From the records below, print exactly the lines starting at the one containing "dV t :|: dA t." and ending at the one containing "df t a * \prod_(e", ends included, and nothing else.

========

Lemma greedy_upto_succ k x : (k < n)%N -> greedy_upto k x -> exists y, greedy_upto k.+1 y.
Proof.
move=> lt_kn [x_prof x_greedy]; pose i0 : 'I_n := Ordinal lt_kn.
pose B := pred_set P x i0.
have x_i0 : blk (x i0) == i0 by apply/eqP/x_prof.
have [best best_i0 best_max] :=
  arg_maxP (fun e => marg f [set e] B) (x_i0 : (fun e => blk e == i0) (x i0)).
pose y j := if j == i0 then best else x j.
have pred_y (i : 'I_n) : (i <= k)%N -> pred_set P y i = pred_set P x i.
  move=> le_ik; apply: pred_set_agree => j lt_ji; rewrite /y ifN //.
  by apply: contraTneq lt_ji => ->; rewrite -leqNgt.
exists y; split=> [j | i].
  by rewrite /y; case: eqP => [-> | _]; [exact/eqP | apply: x_prof].
rewrite ltnS leq_eqVlt => /orP[/eqP i_k | lt_ik] e e_i.
  have i_i0 : i = i0 by apply: val_inj.
  by rewrite i_i0 pred_y // /y eqxx; apply: best_max; rewrite e_i i_i0.
rewrite pred_y ?(ltnW lt_ik) // /y ifN; first exact: x_greedy.
by apply: contraTneq lt_ik => ->; rewrite ltnn.
Qed.

Lemma greedy_exists : valid_partition blk -> exists x, greedy P blk f x.
Proof.
move=> /profile_exists [o o_prof].
have upto k : (k <= n)%N -> exists x, greedy_upto k x.
  elim: k => [_ | k IHk lt_kn]; first by exists o.
  by have [x x_greedy] := IHk (ltnW lt_kn); apply: greedy_upto_succ x_greedy.
have [x [x_prof x_greedy]] := upto n (leqnn n).
by exists x; split=> // i; apply: x_greedy.
Qed.

End GreedyExists.

Section GreedyAnalysis.
Variables (R : realType) (n q : nat) (P : nat -> nat) (S : finType).
Variables (blk : S -> 'I_n) (f : {set S} -> R).
Hypotheses (P_assign : is_assignment n q P) (f_F : in_F f).

Definition prefix (x : 'I_n -> S) (t : nat) : {set S} :=
  [set x j | j in [set j : 'I_n | (P j.+1 < t)%N]].

Definition gain (x : 'I_n -> S) (t : nat) : R := f (prefix x t.+1) - f (prefix x t).

Lemma pred_set_prefix x (i : 'I_n) : pred_set P x i = prefix x (P i.+1).
Proof.
apply/setP=> e; apply/imsetP/imsetP => -[j j_in ->]; exists j => //; move: j_in;
  by rewrite inE classical_sets.in_setE.
Qed.
Lemma jdistE Om j x y d : x \subset Om -> y \subset Om -> #|x| = j -> #|y| = j ->
  jdist Om j x y d <-> d = #|x :\: y|.
Proof.
move=> xOm yOm hx hy; have wxy := jwalk_setD xOm yOm (etrans hx (esym hy)).
rewrite hy in wxy; split => [[w dmin] | ->].
  by apply/eqP; rewrite eqn_leq (jwalk_card_setD w) dmin.
by split=> // m; apply: jwalk_card_setD.
Qed.

Section Distances.
Variables (Om : {set T}) (j : nat) (D : {set {set T}}).
Hypothesis D_sub : forall x, x \in D -> x \subset Om /\ #|x| = j.

Lemma jdistE_in x y d : x \in D -> y \in D -> jdist Om j x y d <-> d = #|x :\: y|.
Proof.
by move=> /D_sub [xOm hx] /D_sub [yOm hy]; apply: jdistE.
Qed.

Lemma min_distE d : min_dist Om j D d <->
  (exists x y, [/\ x \in D, y \in D, x != y & d = #|x :\: y|]) /\
  (forall x y, x \in D -> y \in D -> x != y -> d <= #|x :\: y|).
Proof.
split=> -[[x [y [xD yD nxy dxy]]] dmin]; split.
- by exists x, y; split=> //; apply/(jdistE_in _ xD yD).
- by move=> x' y' x'D y'D nxy'; apply: (dmin x' y') => //; apply/(jdistE_in _ x'D y'D).
- by exists x, y; split=> //; apply/(jdistE_in _ xD yD).
- by move=> x' y' e x'D y'D nxy' /(jdistE_in _ x'D y'D) ->; apply: dmin.
Qed.
(* Let $T>0$, $p>1$, $E_1\ge0$, $\epsilon\in(0,1)$. Let $\varphi,\varphi_\epsilon\in L^2(\mathbb{R})$ with $\|\varphi-\varphi_\epsilon\|\le\epsilon$, and let $u$ be the exact solution of the backward heat problem with final value $\varphi$, satisfying $\|u(\cdot,0)\|\le E_1$. Choose $\beta=\epsilon^p$ and let $v_\epsilon=R_\beta\varphi_\epsilon$. Then for every $t\in[0,T]$, $$\|u(\cdot,t)-v_\epsilon(\cdot,t)\|\le \epsilon^{\frac{t}{T}}(E_1+1).$$
   Context: $\|\cdot\|$ denotes the norm of $L^2(\mathbb{R})$. The Fourier transform is $\hat\psi(\xi)=\frac{1}{\sqrt{2\pi}}\int_{-\infty}^{\infty}\psi(x)e^{-i\xi x}\,dx$ (extended to $L^2(\mathbb{R})$ as a unitary map). Exact solution: for $\varphi\in L^2(\mathbb{R})$, the exact solution $u$ of $u_t-u_{xx}=0$ on $\mathbb{R}\times(0,T)$, $u(\cdot,T)=\varphi$, is given by $\hat u(\xi,t)=e^{(T-t)\xi^2}\hat\varphi(\xi)$ for $t\in[0,T]$; it is assumed that $u(\cdot,0)\in L^2(\mathbb{R})$. Regularized solution: for $\beta>0$ and $\psi\in L^2(\mathbb{R})$, $R_\beta\psi$ is the function whose Fourier transform in $x$ is $\widehat{(R_\beta\psi)}(\xi,t)=\frac{e^{-t\xi^2}}{\beta e^{(p-1)T\xi^2}+e^{-T\xi^2}}\hat\psi(\xi)=\frac{e^{(T-t)\xi^2}}{1+\beta e^{pT\xi^2}}\hat\psi(\xi)$, $t\in[0,T]$. *)

From HB Require Import structures.
From mathcomp Require Import all_boot all_order all_algebra.
From mathcomp Require Import all_classical all_reals all_analysis.
From mathcomp Require Import complex.
Set Implicit Arguments. Unset Strict Implicit. Unset Printing Implicit Defensive.
Import Order.TTheory GRing.Theory Num.Theory.
Local Open Scope ring_scope.
Local Open Scope classical_set_scope.
(* Write alpha_i = m_i/n_i and consider the linear forms
     T_j(v) = m_j (sum_l v_l) - n_j v_j          (j = 1..k)
   on rational k-tuples.  The vectors x_i are "dual" to these forms:
   T_j(sum_i la_i x_i) = la_j A for all rational la, and conversely every v is
   recovered as v = sum_i (T_i(v)/A) x_i.  Hence a tuple g equals
   b(a) + sum_i c_i x_i exactly when T_j(g) = a_j + c_j A for every j; the
   conditions 0 <= a_j < A then force a_j = T_j(g) mod A and c_j = T_j(g) div A,
   which gives uniqueness and the explicit formulas.  Existence takes these
   values: T_j(g) >= 0 is precisely the communality condition at j, and the
   divisibility condition defining \mathcal{A} is the integrality of
   b(a) = g - sum c_i x_i, because the x_i are integral.  Conversely the
   x_i are integral and nonnegative, so b(a) + sum c_i x_i is a nonnegative
   integer tuple with T_j >= 0, i.e. communal.  Finally the entries of x_i sum
   to N/n_i, which yields the formula for the entry sum of b(a). *)

Lemma divz_modz_unique (d q r : int) : 0 <= r < d ->
  ((q * d + r) %% d)%Z = r /\ ((q * d + r) %/ d)%Z = q.
Proof.
move=> /andP[r0 rd]; have d0 : d != 0 by rewrite gt_eqF // (le_lt_trans r0 rd).
split; first by rewrite modzMDl modz_small ?r0.
rewrite divzMDl // divz_small ?addr0 // r0 /= gtz0_abs //.
exact: le_lt_trans r0 rd.
Qed.

Lemma int_numq (x : rat) : x \is a Num.int -> x = (numq x)%:~R.
Proof. by case/intrP=> m ->; rewrite numq_int. Qed.

Section Communal.
Variable k : nat.
Variable al : 'I_k -> rat.

Let nq i : rat := (nn al i)%:~R.
Let Nq : rat := (NN al)%:~R.
Let Aq : rat := (AA al)%:~R.

Lemma nq_gt0 i : 0 < nq i.
Proof. by rewrite /nq ltr0z denq_gt0. Qed.

Lemma nq_neq0 i : nq i != 0.
Proof. by rewrite gt_eqF ?nq_gt0. Qed.

Lemma mm_eq i : (mm al i)%:~R = nq i * al i.
Proof. by rewrite /nq /mm /nn numqE mulrC. Qed.

Lemma Nq_gt0 : 0 < Nq.
Proof.
by rewrite /Nq /NN rmorph_prod; apply: prodr_gt0 => i _; apply: nq_gt0.
Qed.

Lemma Nq_div i : Nq / nq i = (\prod_(l < k | l != i) nn al l)%:~R.
Proof.
rewrite /Nq /NN (bigD1 i) //= rmorphM /= -/(nq i) mulrC mulKf //.
exact: nq_neq0.
Qed.

(* A = N (sum alpha - 1) holds over the rationals: the right side is an integer. *)
Lemma Aq_eq : Aq = Nq * (\sum_(i < k) al i - 1).
Proof.
have Nal i : Nq * al i = (mm al i * \prod_(l < k | l != i) nn al l)%:~R.
  by rewrite rmorphM /= -Nq_div mm_eq; field; rewrite nq_neq0.
have Nint : Nq * (\sum_(i < k) al i - 1) =
    (\sum_(i < k) (mm al i * \prod_(l < k | l != i) nn al l) - NN al)%:~R.
  rewrite rmorphB /= rmorph_sum mulrBr mulr1 mulr_sumr.
  by congr (_ - _); apply: eq_bigr => i _; rewrite Nal.
by rewrite /Aq /AA Nint numq_int.
Qed.
(* A face of length 2 forces a vertex of degree 1. *)
Lemma face_step2_neq p : p \in D -> face_step (face_step p) != p.
Proof.
have [_ _ s_rot _] := s_plane => Dp; apply/eqP=> face2_p.
have face1_rev : face_step p = dart_rev p.
  rewrite [s (dart_rev p)]surjective_pairing face_step_fst; congr (_, _).
  by rewrite -(congr1 fst face2_p) face_step_fst.
have s_fixed : s p = p by rewrite -[in RHS]face2_p face1_rev; case: (p).
have [z neq_z e_z] : exists2 z, z != p.2 & e p.1 z by apply: e_deg2; rewrite -dartsE.
have Dz : (p.1, z) \in D by rewrite dartsE.
have /iter_findex := s_rot p (p.1, z) Dp Dz erefl.
by rewrite iter_fix // => /(congr1 snd) /= p2_z; rewrite p2_z eqxx in neq_z.
Qed.

Lemma face_card_ge3 p : p \in D -> 3 <= #|[set q in D | fconnect face_step p q]|.
Proof.
move=> Dp; set q1 := face_step p; set q2 := face_step q1.
have Dq1 : q1 \in D by exact: face_step_dart.
have Dq2 : q2 \in D by exact: face_step_dart.
have neq_p_q1 : p != q1.
  by apply: contraNneq (loopless_dart Dp) => {1}->; rewrite /q1 face_step_fst.
have neq_q1_q2 : q1 != q2.
  by apply: contraNneq (loopless_dart Dq1) => {1}->; rewrite /q2 face_step_fst.
have neq_p_q2 : p != q2 by rewrite eq_sym face_step2_neq.
have <- : #|[:: p; q1; q2]| = 3.
  by apply/card_uniqP; rewrite /= !inE negb_or neq_p_q1 neq_p_q2 neq_q1_q2.
apply/subset_leq_card/subsetP => q; rewrite !inE.
case/or3P=> /eqP->; rewrite -dartsE ?Dp ?Dq1 ?Dq2 /=.
- exact: connect0.
- exact: fconnect1.
- exact: (fconnect_iter _ 2).
Qed.

Lemma nfaces_le_darts : 3 * nfaces e s <= #|D|.
Proof.
have face_sym := face_step_sym s.
have faces_part : partition (equivalence_partition (fconnect face_step) D) D.
  apply: equivalence_partitionP => p q r _ _ _; split; first exact: connect0.
  by move=> pq; rewrite (same_connect face_sym pq).
rewrite (card_partition faces_part) mulnC -sum_nat_const.
by apply: leq_sum => _ /imsetP[p Dp ->]; exact: face_card_ge3.
Qed.

Lemma plane_darts_bound p : p \in D -> #|D| + 12 <= 6 * #|nonisolated e|.
Proof.
have [_ _ _ euler] := s_plane => Dp.
have comps_gt0 : 0 < ncomps e s.
  by apply/card_gt0P; exists [set q in D | connect (map_step s) p q]; exact: imset_f.
have := nfaces_le_darts; lia.
Qed.

End PlaneMap.

Lemma connect_map_step_sym (T : finType) (s : {perm T * T}) :
  connect_sym (map_step s).
Proof.
apply: connect_symI => p q /orP[]/eqP->; last first.
  by apply: connect1; rewrite /map_step; case: p => /= *; rewrite eqxx orbT.
have s_back : fconnect s (s p) p by rewrite fconnect_sym ?fconnect1 //; exact: perm_inj.
by apply: connect_sub s_back => u _ /eqP<-; apply: connect1; rewrite /map_step eqxx.
Qed.

Lemma ncomps_eq1 (T : finType) (e : rel T) (s : {perm T * T}) p0 :
  p0 \in darts e -> {in darts e, forall q, connect (map_step s) p0 q} ->
  ncomps e s = 1.
Proof.
move=> D_p0 p0_conn; apply/eqP/cards1P.
exists [set q in darts e | connect (map_step s) p0 q].
apply/setP=> A; rewrite inE; apply/imsetP/eqP=> [[p Dp ->]|->]; last by exists p0.
apply/setP=> q; rewrite !inE; congr (_ && _).
by rewrite (same_connect (connect_map_step_sym s) (p0_conn p Dp)).
Qed.

(* [f] is a rotation system (a permutation of the darts, cyclic at each vertex)
   whose map is connected and satisfies Euler's formula V - E + F = 2; each face
   is counted once, by its first dart in [L]. *)
Definition plane_certificate (T : finType) (e : rel T) (l : seq T)
    (f : T * T -> T * T) : bool :=
  let L := allpairs pair l l in
  let N := size L in
  let D := [seq p <- L | e p.1 p.2] in
  let first_of_face p := all (fun q =>
    (q \in traject (fun r => f (dart_rev r)) p N) ==> (index p L <= index q L)) D in
  [&& uniq (map f L),
      all (fun p => f p == p) [seq p <- L | ~~ e p.1 p.2],
      all (fun p => (f p).1 == p.1) L,
      all (fun p => all (fun q => (q.1 == p.1) ==> (q \in traject f p N)) D) D,
      if D is p0 :: _ then all (mem (reach (fun p => [:: f p; dart_rev p]) N p0)) D
      else false &
      2 * count (fun x => has (e x) l) l + 2 * count first_of_face D == size D + 4].

Section PlaneCertificate.
Variables (T : finType) (e : rel T) (l : seq T).
Hypothesis l_enum : enumerates l.
Local Notation L := (allpairs pair l l).
Local Notation D := [seq p <- L | e p.1 p.2].

Lemma card_nonisolated_count : #|nonisolated e| = count (fun x => has (e x) l) l.
Proof.
rewrite (enumerates_card_count l_enum); apply: eq_count => x; rewrite /= inE.
by apply/existsP/hasP=> [[y exy]|[y _ exy]]; exists y => //; exact: l_enum.2.
Qed.

Lemma card_darts_count : #|darts e| = size D.
Proof.
rewrite size_filter (enumerates_card_count (enumerates_allpairs l_enum)).
by apply: eq_count => p; rewrite /= inE.
Qed.
(* Let $\mathcal{T}=(V,A,E,f,q,v_0)$ be a decorated pseudo-rooted tree such that $f(\alpha)=1$ for all $\alpha\in A\setminus A_0$. Then $M(\mathcal{T}_\alpha)-M_\alpha(\mathcal{T})=I(\alpha)$ for every $\alpha\in A\setminus A_0$.
   Context: A graph is a pair $(X_0,X_1)$ of finite sets such that each element of $X_1$ (an edge) is a $2$-element subset of $X_0$; elements of $X_0$ are cells. The valency $\delta_x$ of a cell is the number of edges containing it. A path is a tuple $(x_0,\dots,x_n)$ ($n\ge0$) of cells with $\{x_i,x_{i+1}\}$ an edge for each $i<n$, these edges pairwise distinct; a cell/edge is in the path if it is some $x_i$ / some $\{x_i,x_{i+1}\}$. The graph is a tree if any two cells $x,y$ are joined by a unique path $\gamma_{x,y}$. A decorated tree is $(V,A,E,f,q)$ with $V$ (vertices), $A$ (arrows) finite disjoint sets, $(V\cup A,E)$ a tree, every arrow of valency $1$, $f:A\to\mathbb{Z}$, $q(e,x)\in\mathbb{Z}$ for each $e\in E$, $x\in e$, with $q(e,\alpha)=1$ for $\alpha\in A$, and for each $v\in V$ and distinct edges $e,e'\ni v$, $\gcd(q(e,v),q(e',v))=1$. $A_0=\{\alpha\in A:f(\alpha)=0\}$. An edge $\varepsilon$ is incident to a path $\gamma$ if it is not in $\gamma$ but contains a cell $u$ of $\gamma$; $q(\varepsilon,\gamma):=q(\varepsilon,u)$. For $v\ne\alpha$, $v\in V\cup A$, $\alpha\in A$: $x_{v,\alpha}=f(\alpha)\prod_\varepsilon q(\varepsilon,\gamma_{v,\alpha})$ over edges incident to $\gamma_{v,\alpha}$ (empty product $=1$). For $v\in V\cup A_0$, $N_v=\sum_{\alpha\in A\setminus A_0}x_{v,\alpha}$; $M(\mathcal{T})=-\sum_{v\in V\cup A_0}N_v(\delta_v-2)$. For $\alpha\in A\setminus A_0$, $M_\alpha(\mathcal{T})=-\sum_{v\in V\cup A_0}x_{v,\alpha}(\delta_v-2)$. For a path $\gamma=(x_0,\dots,x_n)$, $n>0$, and a cell $u$ of $\gamma$, $Q(\gamma,u)=\prod q(\varepsilon,u)$ over edges $\varepsilon\ni u$ not in $\gamma$; $Q^*(\gamma)=\prod_{0<i<n}Q(\gamma,x_i)$. For $\alpha\in A\setminus A_0$, $I(\alpha)=\sum_{\beta\in(A\setminus A_0)\setminus\{\alpha\}}Q^*(\gamma_{\alpha,\beta})f(\alpha)f(\beta)$. A pseudo-root of $(V,A,E,f,q)$ is a vertex $v_0$ with $q(e,v_0)=1$ for all edges $e\ni v_0$, such that for every $v\in V\setminus\{v_0\}$ at most one edge $e\ni v$ not in $\gamma_{v_0,v}$ has $q(e,v)\ne1$. A decorated pseudo-rooted tree is $(V,A,E,f,q,v_0)$ with $v_0$ a pseudo-root. For nonempty $X\subseteq A\setminus A_0$, $\mathcal{T}_X$: let $\mathcal{T}'_X$ have arrow set $X$, vertices those of $\mathcal{T}$ on some $\gamma_{v_0,\alpha}$ ($\alpha\in X$), edges those of $\mathcal{T}$ in some $\gamma_{v_0,\alpha}$ ($\alpha\in X$), decorations as in $\mathcal{T}$; for each vertex $v$ of $\mathcal{T}'_X$ put $b_v=\prod q(e,v)$ over edges $e$ of $\mathcal{T}$ containing $v$ not in $\mathcal{T}'_X$, and if $b_v\ne1$ add an arrow $\alpha_v$ with $f(\alpha_v)=0$ and edge $\{v,\alpha_v\}$ decorated $b_v$ near $v$, $1$ near $\alpha_v$. The result, pseudo-rooted at $v_0$, is $\mathcal{T}_X$; $\mathcal{T}_\alpha:=\mathcal{T}_{\{\alpha\}}$. *)

From HB Require Import structures.
From mathcomp Require Import all_boot all_order all_algebra.
From Stdlib Require Import ClassicalEpsilon.
Set Implicit Arguments. Unset Strict Implicit. Unset Printing Implicit Defensive.
Import Order.TTheory GRing.Theory Num.Theory.
Local Open Scope ring_scope.

(* A decorated tree whose cells are drawn from the finite type T:
   vertices dV, arrows dA, edges dE (each a 2-element set of cells),
   f : arrows -> Z, q(e,x) for e an edge and x in e.  Values of df / dq
   outside their intended domain are irrelevant. *)
Record dtree (T : finType) := DTree {
  dV : {set T};
  dA : {set T};
  dE : {set {set T}};
  df : T -> int;
  dq : {set T} -> T -> int }.

Section DecoratedTrees.
Variables (T : finType) (t : dtree T).

Definition cells : {set T} := dV t :|: dA t.

Definition valency (x : T) : nat := #|[set e in dE t | x \in e]|.

Definition path_edges (s : seq T) : seq {set T} :=
  [seq [set p.1; p.2] | p <- zip s (behead s)].

Definition is_path (x y : T) (s : seq T) : bool :=
  if s is x0 :: s' then
    [&& x0 == x, last x0 s' == y, all (fun z => z \in cells) s,
        all (fun e => e \in dE t) (path_edges s) & uniq (path_edges s)]
  else false.

Definition is_graph : Prop :=
  forall e, e \in dE t -> #|e| = 2%N /\ e \subset cells.

Definition is_tree : Prop :=
  is_graph /\
  forall x y, x \in cells -> y \in cells ->
    exists p, is_path x y p /\ forall p', is_path x y p' -> p' = p.

Definition gamma (x y : T) : seq T :=
  epsilon (inhabits [::]) (fun p => is_path x y p).

Definition decorated : Prop :=
  [/\ dV t :&: dA t = set0,
      is_tree,
      (forall a, a \in dA t -> valency a = 1%N),
      (forall e a, e \in dE t -> a \in dA t -> a \in e -> dq t e a = 1) &
      (forall v e e', v \in dV t -> e \in dE t -> e' \in dE t -> v \in e ->
         v \in e' -> e != e' -> coprimez (dq t e v) (dq t e' v))].

Definition pseudo_root (v0 : T) : Prop :=
  [/\ v0 \in dV t,
      (forall e, e \in dE t -> v0 \in e -> dq t e v0 = 1) &
      (forall v, v \in dV t -> v != v0 ->
         #|[set e in dE t | (v \in e) && (e \notin path_edges (gamma v0 v))
                             && (dq t e v != 1)]| <= 1)%N].

Definition A0 : {set T} := [set a in dA t | df t a == 0].

Definition incident (e : {set T}) (g : seq T) : bool :=
  [&& e \in dE t, e \notin path_edges g & [exists u in e, u \in g]].

Definition q_path (e : {set T}) (g : seq T) : int :=
  if [pick u in e | u \in g] is Some u then dq t e u else 1.

Definition xva (v a : T) : int :=
  df t a * \prod_(e in dE t | incident e (gamma v a)) q_path e (gamma v a).

Definition Nv (v : T) : int := \sum_(a in dA t :\: A0) xva v a.

Definition M : int :=
  - \sum_(v in dV t :|: A0) Nv v * ((valency v)%:Z - 2).

Definition Malpha (a : T) : int :=
  - \sum_(v in dV t :|: A0) xva v a * ((valency v)%:Z - 2).

Definition Qc (g : seq T) (u : T) : int :=
  \prod_(e in dE t | (u \in e) && (e \notin path_edges g)) dq t e u.

(* Q^*(gamma) = product of Q(gamma, x_i) over 0 < i < n *)
Definition Qstar (g : seq T) : int :=
  if g is x :: s then \prod_(u <- behead (belast x s)) Qc g u else 1.

Definition Ialpha (a : T) : int :=
  \sum_(b in (dA t :\: A0) :\ a) Qstar (gamma a b) * df t a * df t b.

(* The construction T_X (for X a nonempty subset of A \ A0), on cells
   T + T: inl x is the old cell x, inr v is the new arrow alpha_v. *)
Section TX.
Variables (v0 : T) (X : {set T}).

Definition TXV : {set T} :=
  [set v in dV t | [exists a in X, v \in gamma v0 a]].
Definition TXE : {set {set T}} :=
  [set e in dE t | [exists a in X, e \in path_edges (gamma v0 a)]].
Definition bv (v : T) : int :=
  \prod_(e in dE t | (v \in e) && (e \notin TXE)) dq t e v.
Definition TXnew : {set T} := [set v in TXV | bv v != 1].

Definition liftE (e : {set T}) : {set T + T} := [set inl x | x in e].

Definition TX : dtree (T + T)%type := {|
  dV := [set inl v | v in TXV];
  dA := [set inl a | a in X] :|: [set inr v | v in TXnew];
  dE := [set liftE e | e in TXE]
        :|: [set [set inl v; inr v] | v in TXnew];
  df := fun x => if x is inl y then df t y else 0;
  dq := fun e x => match x with
                   | inr _ => 1
                   | inl y => if e == [set inl y; inr y] then bv y
                              else dq t [set z | inl z \in e] y
                   end |}.
End TX.

End DecoratedTrees.

From HB Require Import structures.
From mathcomp Require Import all_boot all_order all_algebra.
From mathcomp Require Import ring.
From Stdlib Require Import ClassicalEpsilon.
Set Implicit Arguments. Unset Strict Implicit. Unset Printing Implicit Defensive.
Import Order.TTheory GRing.Theory Num.Theory.
Local Open Scope ring_scope.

========

- ANSWER SECTION:
Definition cells : {set T} := dV t :|: dA t.

Definition valency (x : T) : nat := #|[set e in dE t | x \in e]|.

Definition path_edges (s : seq T) : seq {set T} :=
  [seq [set p.1; p.2] | p <- zip s (behead s)].

Definition is_path (x y : T) (s : seq T) : bool :=
  if s is x0 :: s' then
    [&& x0 == x, last x0 s' == y, all (fun z => z \in cells) s,
        all (fun e => e \in dE t) (path_edges s) & uniq (path_edges s)]
  else false.

Definition is_graph : Prop :=
  forall e, e \in dE t -> #|e| = 2%N /\ e \subset cells.

Definition is_tree : Prop :=
  is_graph /\
  forall x y, x \in cells -> y \in cells ->
    exists p, is_path x y p /\ forall p', is_path x y p' -> p' = p.

Definition gamma (x y : T) : seq T :=
  epsilon (inhabits [::]) (fun p => is_path x y p).

Definition decorated : Prop :=
  [/\ dV t :&: dA t = set0,
      is_tree,
      (forall a, a \in dA t -> valency a = 1%N),
      (forall e a, e \in dE t -> a \in dA t -> a \in e -> dq t e a = 1) &
      (forall v e e', v \in dV t -> e \in dE t -> e' \in dE t -> v \in e ->
         v \in e' -> e != e' -> coprimez (dq t e v) (dq t e' v))].

Definition pseudo_root (v0 : T) : Prop :=
  [/\ v0 \in dV t,
      (forall e, e \in dE t -> v0 \in e -> dq t e v0 = 1) &
      (forall v, v \in dV t -> v != v0 ->
         #|[set e in dE t | (v \in e) && (e \notin path_edges (gamma v0 v))
                             && (dq t e v != 1)]| <= 1)%N].

Definition A0 : {set T} := [set a in dA t | df t a == 0].

Definition incident (e : {set T}) (g : seq T) : bool :=
  [&& e \in dE t, e \notin path_edges g & [exists u in e, u \in g]].

Definition q_path (e : {set T}) (g : seq T) : int :=
  if [pick u in e | u \in g] is Some u then dq t e u else 1.

Definition xva (v a : T) : int :=
  df t a * \prod_(e in dE t | incident e (gamma v a)) q_path e (gamma v a).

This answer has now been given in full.